Across these entries, how many lines contain the word "degD"? Answer with only the number.

**Stored data entries**:
┌──

(* Let $G=(V,E)$ be a locally finite, connected, infinite graph. Then $p_{\mathrm{T,E}}\le p_{\mathrm{T,V}}$. If moreover $G$ has bounded degree, then $p_{\mathrm{T,E}}=p_{\mathrm{T,V}}$.
   Context: Fix a vertex $x$ (the thresholds do not depend on $x$). Consider Bernoulli$(p)$ bond percolation on $G$ (each edge open independently with probability $p$), with expectation $\mathbb{E}_p$; $C(x)$ is the open cluster of $x$, and $|C(x)|_V$, $|C(x)|_E$ denote its numbers of vertices and edges. Define $p_{\mathrm{T,V}}=\sup\{p\ge0:\mathbb{E}_p[|C(x)|_V]<\infty\}$ and $p_{\mathrm{T,E}}=\sup\{p\ge0:\mathbb{E}_p[|C(x)|_E]<\infty\}$. *)

From HB Require Import structures.
From mathcomp Require Import all_boot all_order all_algebra.
From mathcomp Require Import all_classical all_reals all_analysis.
Set Implicit Arguments. Unset Strict Implicit. Unset Printing Implicit Defensive.
Import Order.TTheory GRing.Theory Num.Theory.
Local Open Scope classical_set_scope.
Local Open Scope ring_scope.

(* A simple graph given by a vertex type V, an edge type E and the two
   endpoints src e, tgt e of each edge (edges are undirected: the labelling
   of the endpoints carries no meaning). *)
Record graph := Graph {
  vert : choiceType;
  edge : choiceType;
  src : edge -> vert;
  tgt : edge -> vert }.

Section Graphs.
Variable G : graph.
Local Notation V := (vert G).
Local Notation E := (edge G).

Definition incident (e : E) (v : V) : Prop := src e = v \/ tgt e = v.

Definition joins (e : E) (u v : V) : Prop :=
  (src e = u /\ tgt e = v) \/ (src e = v /\ tgt e = u).

Definition simple_graph : Prop :=
  (forall e : E, src e <> tgt e) /\
  (forall e e' : E, joins e (src e') (tgt e') -> e = e').

Definition locally_finite : Prop :=
  forall v : V, finite_set [set e : E | incident e v].

Definition bounded_degree : Prop :=
  exists D : nat, forall v : V, exists s : seq E,
    (size s <= D)%N /\ forall e, incident e v -> e \in s.

Fixpoint path_in (ok : E -> Prop) (u v : V) (p : seq (E * V)) : Prop :=
  match p with
  | [::] => u = v
  | (e, w) :: p' => ok e /\ joins e u w /\ path_in ok w v p'
  end.

Definition connected_by (ok : E -> Prop) (u v : V) : Prop :=
  exists p, path_in ok u v p.

Definition connected_graph : Prop :=
  forall u v : V, connected_by (fun _ => True) u v.

Definition infinite_graph : Prop := infinite_set [set: V].

(* Percolation configuration: omega e = true iff the edge e is open. *)
Definition clusterV (omega : E -> bool) (x : V) : set V :=
  [set y | connected_by (fun e => omega e) x y].

(* Edge set of the open cluster C(x): open edges with an endpoint
   (hence both endpoints) in C(x). *)
Definition clusterE (omega : E -> bool) (x : V) : set E :=
  [set e | omega e /\ (clusterV omega x (src e) \/ clusterV omega x (tgt e))].

Section Percolation.
Variable R : realType.

(* cardinality of a set, as an extended real (+oo if infinite) *)
Definition ecard (T : choiceType) (A : set T) : \bar R :=
  (\esum_(a in A) (1 : \bar R))%E.

(* Bernoulli(p):
   for every finite family of distinct edges the probability of any
   prescribed pattern of states is the product of p's and (1-p)'s. *)
Definition bernoulli_bond (d : measure_display) (Omega : measurableType d)
  (P : probability Omega R) (omega : Omega -> E -> bool) (p : R) : Prop :=
  (forall e : E, measurable [set w | omega w e]) /\
  (forall (s : seq E) (b : E -> bool), uniq s ->
     P [set w | forall e, e \in s -> omega w e = b e] =
     (\prod_(e <- s) (if b e then p else 1 - p))%:E).

(* E_p[|C(x)|_V] < oo, for (every realisation of) Bernoulli(p) percolation *)
Definition finite_meanV (x : V) (p : R) : Prop :=
  forall (d : measure_display) (Omega : measurableType d)
    (P : probability Omega R) (omega : Omega -> E -> bool),
    bernoulli_bond P omega p ->
    (\int[P]_w ecard (clusterV (omega w) x) < +oo)%E.

Definition finite_meanE (x : V) (p : R) : Prop :=
  forall (d : measure_display) (Omega : measurableType d)
    (P : probability Omega R) (omega : Omega -> E -> bool),
    bernoulli_bond P omega p ->
    (\int[P]_w ecard (clusterE (omega w) x) < +oo)%E.

Definition pTV (x : V) : R :=
  sup [set p : R | 0 <= p <= 1 /\ finite_meanV x p].

Definition pTE (x : V) : R :=
  sup [set p : R | 0 <= p <= 1 /\ finite_meanE x p].

End Percolation.
End Graphs.

From Pilot Require Import Defs.
From HB Require Import structures.
From mathcomp Require Import all_boot all_order all_algebra.
From mathcomp Require Import all_classical all_reals all_analysis.
Set Implicit Arguments. Unset Strict Implicit. Unset Printing Implicit Defensive.
Import Order.TTheory GRing.Theory Num.Theory.
Local Open Scope classical_set_scope.
Local Open Scope ring_scope.
Import HBNNSimple.

(* Every vertex of C(x) other than x is an endpoint of an edge of C(x), so
   |C(x)|_V <= 1 + 2 |C(x)|_E; every edge of C(x) is incident to a vertex of
   C(x), so |C(x)|_E <= D |C(x)|_V when all degrees are at most D.  Taking
   expectations, E_p|C(x)|_E < oo implies E_p|C(x)|_V < oo for every p, and
   conversely for bounded degree; hence the sets of parameters whose suprema
   define p_{T,E} and p_{T,V} are nested. *)

(* The integrands below are not known to be measurable, so [\int] is the
   supremum of the integrals of simple functions under the integrand, which is
   not subadditive: a pointwise bound f <= a + c g cannot be integrated as is,
   but the dichotomy f <= a or f <= c g splits each such simple function. *)
Section IntegralSplit.
Context d (T : measurableType d) (R : realType) (P : probability T R).
Variables (f g : T -> \bar R) (a c : R).
Hypotheses (a_ge0 : 0 <= a) (c_gt0 : 0 < c) (g_ge0 : forall w, (0 <= g w)%E).
Hypothesis f_le : forall w, (f w <= a%:E)%E \/ (f w <= c%:E * g w)%E.

Lemma sintegral_le_cst_or_scale (h : {nnsfun T >-> R}) :
  (forall w, (h w)%:E <= f w)%E ->
  (sintegral P h <= a%:E + c%:E * \int[P]_w g w)%E.
Proof.
move=> hf; pose B := [set w | a < h w].
have mB : measurable B.
  rewrite (_ : B = h @^-1` `]a, +oo[%classic); first exact: measurable_funPTI.
  by apply/seteqP; split => w /=; rewrite in_itv /= andbT.
have inB w : (w \in B) = (a < h w) by apply/idP/idP => [/set_mem|/mem_set].
have -> : sintegral P h =
    sintegral P (proj_nnsfun h (measurableC mB) \+ proj_nnsfun h mB).
  apply: eq_sintegral => w /=; rewrite !measurable_realfun.mindicE in_setC inB.
  by case: (a < h w); rewrite /= ?mulr1 ?mulr0 ?addr0 ?add0r.
rewrite sintegralD; apply: leeD.
  pose a_cst := scale_nnsfun (indic_nnsfun R (@measurableT _ T)) a_ge0.
  apply: (@le_trans _ _ (sintegral P a_cst)).
    apply: le_sintegral => w /=.
    rewrite !measurable_realfun.mindicE in_setC inB in_setT /=.
    by case: (ltP a (h w)) => /=; rewrite ?mulr0 ?mulr1.
  by rewrite sintegralrM sintegral_indic /= probability_setT mule1.
(* On [B], h <= f <= c g, so h / c restricted to [B] is a simple function
   under g. *)
have cV_ge0 : 0 <= c^-1 by rewrite invr_ge0 ltW.
pose k := scale_nnsfun (proj_nnsfun h mB) cV_ge0.
have -> : sintegral P (proj_nnsfun h mB) = (c%:E * sintegral P k)%E.
  by rewrite sintegralrM muleA -EFinM divff ?gt_eqF // mul1e.
rewrite lee_pmul2l ?lte_fin //.
rewrite (ge0_integralTE P g_ge0); apply: ereal_sup_ubound; exists k => // w.
rewrite /= measurable_realfun.mindicE inB.
case: ltP => /= [ahw|]; last by rewrite !mulr0 g_ge0.
rewrite mulr1; have [fa|fcg] := f_le w.
  by have := le_trans (hf w) fa; rewrite lee_fin leNgt ahw.
by rewrite EFinM lee_pdivrMl //; exact: le_trans (hf w) fcg.
Qed.

Lemma integral_le_cst_or_scale : (forall w, 0 <= f w)%E ->
  (\int[P]_w f w <= a%:E + c%:E * \int[P]_w g w)%E.
Proof.
move=> f_ge0; rewrite (ge0_integralTE P f_ge0).
by apply: ge_ereal_sup => _ [h hf <-]; exact: sintegral_le_cst_or_scale.
Qed.

End IntegralSplit.

Section ExtendedCardinality.
Context {R : realType}.
Local Open Scope ereal_scope.
Local Notation ecard := (@ecard R).

Lemma ecard_ge0 (T : choiceType) (A : set T) : 0 <= ecard A.
Proof. exact: esum_ge0. Qed.

Lemma ecard_set0 (T : choiceType) : ecard (@set0 T) = 0.
Proof. exact: esum_set0. Qed.

Lemma ecard_set1 (T : choiceType) (t : T) : ecard [set t] = 1.
Proof. exact: esum_set1. Qed.

Lemma le_ecard (T : choiceType) (A B : set T) : A `<=` B -> ecard A <= ecard B.
Proof.
move=> AB; rewrite /ecard (esum_mkcond A) (esum_mkcond B).
apply: le_esum => t _; case: ifPn => [/set_mem/AB/mem_set -> //|_].
by case: ifP.
Qed.

Lemma ecard_ge1 (T : choiceType) (A : set T) (t : T) : A t -> 1 <= ecard A.
Proof. by move=> At; rewrite -(ecard_set1 t); apply: le_ecard => _ ->. Qed.

Lemma ecard_setU_le (T : choiceType) (A B : set T) :
  ecard (A `|` B) <= ecard A + ecard B.
Proof.
rewrite /ecard (esumID A) // setUK; apply: leeD2l.
by apply: le_ecard => t [[]].
Qed.

Lemma ecard_seq_le (T : choiceType) (s : seq T) :
  ecard [set` s] <= (size s)%:R%:E.
Proof.
elim: s => [|t s IHs].
  by rewrite (_ : [set` [::]] = set0) ?ecard_set0 //; apply/seteqP; split.
have -> : [set` t :: s] = [set t] `|` [set` s].
  apply/seteqP; split => u /=; rewrite inE.
    by case/orP => [/eqP|]; [left|right].
  by case=> [->|->]; rewrite ?eqxx ?orbT.
apply: le_trans (ecard_setU_le _ _) _.
by rewrite ecard_set1 -natr1 EFinD addeC leeD2l.
Qed.

Lemma esum_cst_nat (T : choiceType) (A : set T) (n : nat) :
  \esum_(t in A) n%:R%:E = ecard A *+ n.
Proof.
elim: n => [|n IHn]; first by rewrite esum1.
by rewrite -natr1 EFinD esumD // IHn muleS addeC.
Qed.

Lemma ecard_inj_image (T T' : choiceType) (A : set T) (f : T -> T') :
  set_inj A f -> ecard (f @` A) = ecard A.
Proof. exact: esum_image. Qed.

Lemma ecard_bigcup_le (I T : choiceType) (A : set I) (B : I -> set T) :
  ecard (\bigcup_(i in A) B i) <= \esum_(i in A) ecard (B i).
Proof.
have [[i0 Ai0]|/nonemptyPn->] := pselect (A !=set0); last first.
  by rewrite bigcup_set0 ecard_set0 esum_ge0 // => i _; exact: ecard_ge0.
have /choice [idx idxP] : forall t, exists i,
    (\bigcup_(i in A) B i) t -> A i /\ B i t.
  move=> t; have [[i Ai Bit]|nt] := pselect ((\bigcup_(i in A) B i) t).
    by exists i.
  by exists i0 => /nt.
have idx_inj : set_inj (\bigcup_(i in A) B i) (fun t => (idx t, t)).
  by move=> t u _ _ [_].
rewrite -(ecard_inj_image idx_inj) /ecard esum_esum //.
by apply: le_ecard => _ [t /idxP tAB <-].
Qed.

Lemma ecard_bigcup_le_cst (I T : choiceType) (A : set I) (B : I -> set T) n :
  (forall i, A i -> ecard (B i) <= n%:R%:E) ->
  ecard (\bigcup_(i in A) B i) <= ecard A *+ n.
Proof.
move=> leBn; rewrite -esum_cst_nat.
exact: le_trans (ecard_bigcup_le A B) (le_esum leBn).
Qed.

End ExtendedCardinality.

Section Clusters.
Variable G : graph.
Local Notation V := (vert G).
Local Notation E := (edge G).

Lemma path_in_last (ok : E -> Prop) (u v : V) p :
  path_in ok u v p -> u = v \/ exists2 e, ok e & incident e v.
Proof.
elim: p u => [|[e w] p IHp] u //=; first by left.
move=> [ok_e [join_e /IHp [<-|]]]; last by right.
right; exists e => //.
by case: join_e => [[_ <-]|[<- _]]; [right|left].
Qed.

Lemma clusterV_sub (omega : E -> bool) (x : V) :
  clusterV omega x `<=`
  [set x] `|` \bigcup_(e in Defs.clusterE omega x) [set` [:: src e; tgt e]].
Proof.
move=> y [p xy]; have [->|[e ok_e inc_e]] := path_in_last xy; first by left.
right; exists e; last by case: inc_e => <-; rewrite /= !inE eqxx ?orbT.
by split=> //; case: inc_e => ey; [left|right]; rewrite ey; exists p.
Qed.

Lemma clusterE_sub (omega : E -> bool) (x : V) :
  Defs.clusterE omega x `<=`
  \bigcup_(y in clusterV omega x) [set e | incident e y].
Proof.
move=> e [_ [Cs|Ct]]; first by exists (src e) => //; left.
by exists (tgt e) => //; right.
Qed.

Variable R : realType.
Local Open Scope ereal_scope.
Local Notation ecard := (@ecard R).

Lemma ecard_clusterV_le (omega : E -> bool) (x : V) :
  ecard (clusterV omega x) <= 1 + ecard (Defs.clusterE omega x) *+ 2.
Proof.
apply: le_trans; first exact: le_ecard (@clusterV_sub omega x).
apply: le_trans (ecard_setU_le _ _) _; rewrite ecard_set1 leeD2l //.
by apply: ecard_bigcup_le_cst => e _; exact: ecard_seq_le.
Qed.

Lemma ecard_clusterE_le (omega : E -> bool) (x : V) (D : nat) :
  (forall v : V, ecard [set e | incident e v] <= D%:R%:E) ->
  ecard (Defs.clusterE omega x) <= ecard (clusterV omega x) *+ D.
Proof.
move=> degD; apply: le_trans; first exact: le_ecard (@clusterE_sub omega x).
exact: ecard_bigcup_le_cst.
Qed.

Lemma ecard_clusterV_le1_or (omega : E -> bool) (x : V) :
  ecard (clusterV omega x) <= 1 \/
  ecard (clusterV omega x) <= 3%:E * ecard (Defs.clusterE omega x).
Proof.
have leCV := ecard_clusterV_le omega x.
have [[e Ce]|/nonemptyPn CE0] := pselect (Defs.clusterE omega x !=set0).
  right; apply: le_trans leCV _.
  by rewrite mule_natl muleS leeD2r // (ecard_ge1 Ce).
by move: leCV; rewrite CE0 ecard_set0 -mule_natl mule0 adde0; left.
Qed.

Lemma bounded_degree_ecard : bounded_degree G ->
  exists D : nat, forall v : V, ecard [set e | incident e v] <= D%:R%:E.
Proof.
move=> [D degD]; exists D => v; have [s [sD inc_s]] := degD v.
apply: le_trans (le_ecard (B := [set` s]) inc_s) _.
by apply: le_trans (ecard_seq_le s) _; rewrite lee_fin ler_nat.
Qed.

End Clusters.

Lemma le_sup_ge0 (R : realType) (A B : set R) :
  A `<=` B -> has_ubound B -> (forall b, B b -> 0 <= b) -> sup A <= sup B.
Proof.
move=> AB ubB B_ge0.
have [[a Aa]|/nonemptyPn->] := pselect (A !=set0); last first.
  rewrite sup0; have [[b Bb]|/nonemptyPn->] := pselect (B !=set0).
    exact: le_trans (B_ge0 _ Bb) (ub_le_sup ubB Bb).
  by rewrite sup0.
apply: sup_le.
- by move=> t /AB Bt; exists t.
- by exists a.
- by split => //; exists a; exact: AB.
Qed.

Section Percolation.
Variables (G : graph) (R : realType) (x : vert G).

Lemma finite_meanE_meanV (p : R) : finite_meanE x p -> finite_meanV x p.
Proof.
move=> finE d Omega P omega bb.
apply: le_lt_trans (integral_le_cst_or_scale P ler01 (ltr0n _ 3)
  (fun=> ecard_ge0 _) (fun w => ecard_clusterV_le1_or R (omega w) x)
  (fun=> ecard_ge0 _)) _.
by rewrite lte_add_pinfty ?ltry // lte_mul_pinfty // (finE _ _ _ _ bb).
Qed.

Lemma finite_meanV_meanE (p : R) :
  bounded_degree G -> finite_meanV x p -> finite_meanE x p.
Proof.
move=> /(bounded_degree_ecard R) [D degD] finV d Omega P omega bb.
have CE_le w : (ecard R (Defs.clusterE (omega w) x) <= 0%:E \/
    ecard R (Defs.clusterE (omega w) x) <=
    D.+1%:R%:E * ecard R (clusterV (omega w) x))%E.
  right; rewrite mule_natl; apply: le_trans (ecard_clusterE_le _ _ degD) _.
  by rewrite muleS leeDr ?ecard_ge0.
apply: le_lt_trans (integral_le_cst_or_scale P (lexx 0) (ltr0Sn _ D)
  (fun=> ecard_ge0 _) CE_le (fun=> ecard_ge0 _)) _.
by rewrite lte_add_pinfty ?ltry // lte_mul_pinfty // (finV _ _ _ _ bb).
Qed.

End Percolation.

Theorem lemma2p2 (R : realType) (G : graph) (x : vert G) :
  simple_graph G -> locally_finite G -> connected_graph G -> infinite_graph G ->
  (pTE R x <= pTV R x) /\ (bounded_degree G -> pTE R x = pTV R x).
Proof.
move=> _ _ _ _.
have le_threshold (Q1 Q2 : R -> Prop) : (forall p, Q1 p -> Q2 p) ->
    sup [set p | 0 <= p <= 1 /\ Q1 p] <= sup [set p | 0 <= p <= 1 /\ Q2 p].
  move=> Q12; apply: le_sup_ge0 => [p [p01 /Q12]||p [/andP[]]] //.
  by exists 1 => p [/andP[]].
have pTE_le : pTE R x <= pTV R x.
  exact: le_threshold _ _ (@finite_meanE_meanV G R x).
split=> // bdG; apply/eqP; rewrite eq_le pTE_le.
exact: le_threshold _ _ (fun p => @finite_meanV_meanE G R x p bdG).
Qed.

└──

**Reply**: 4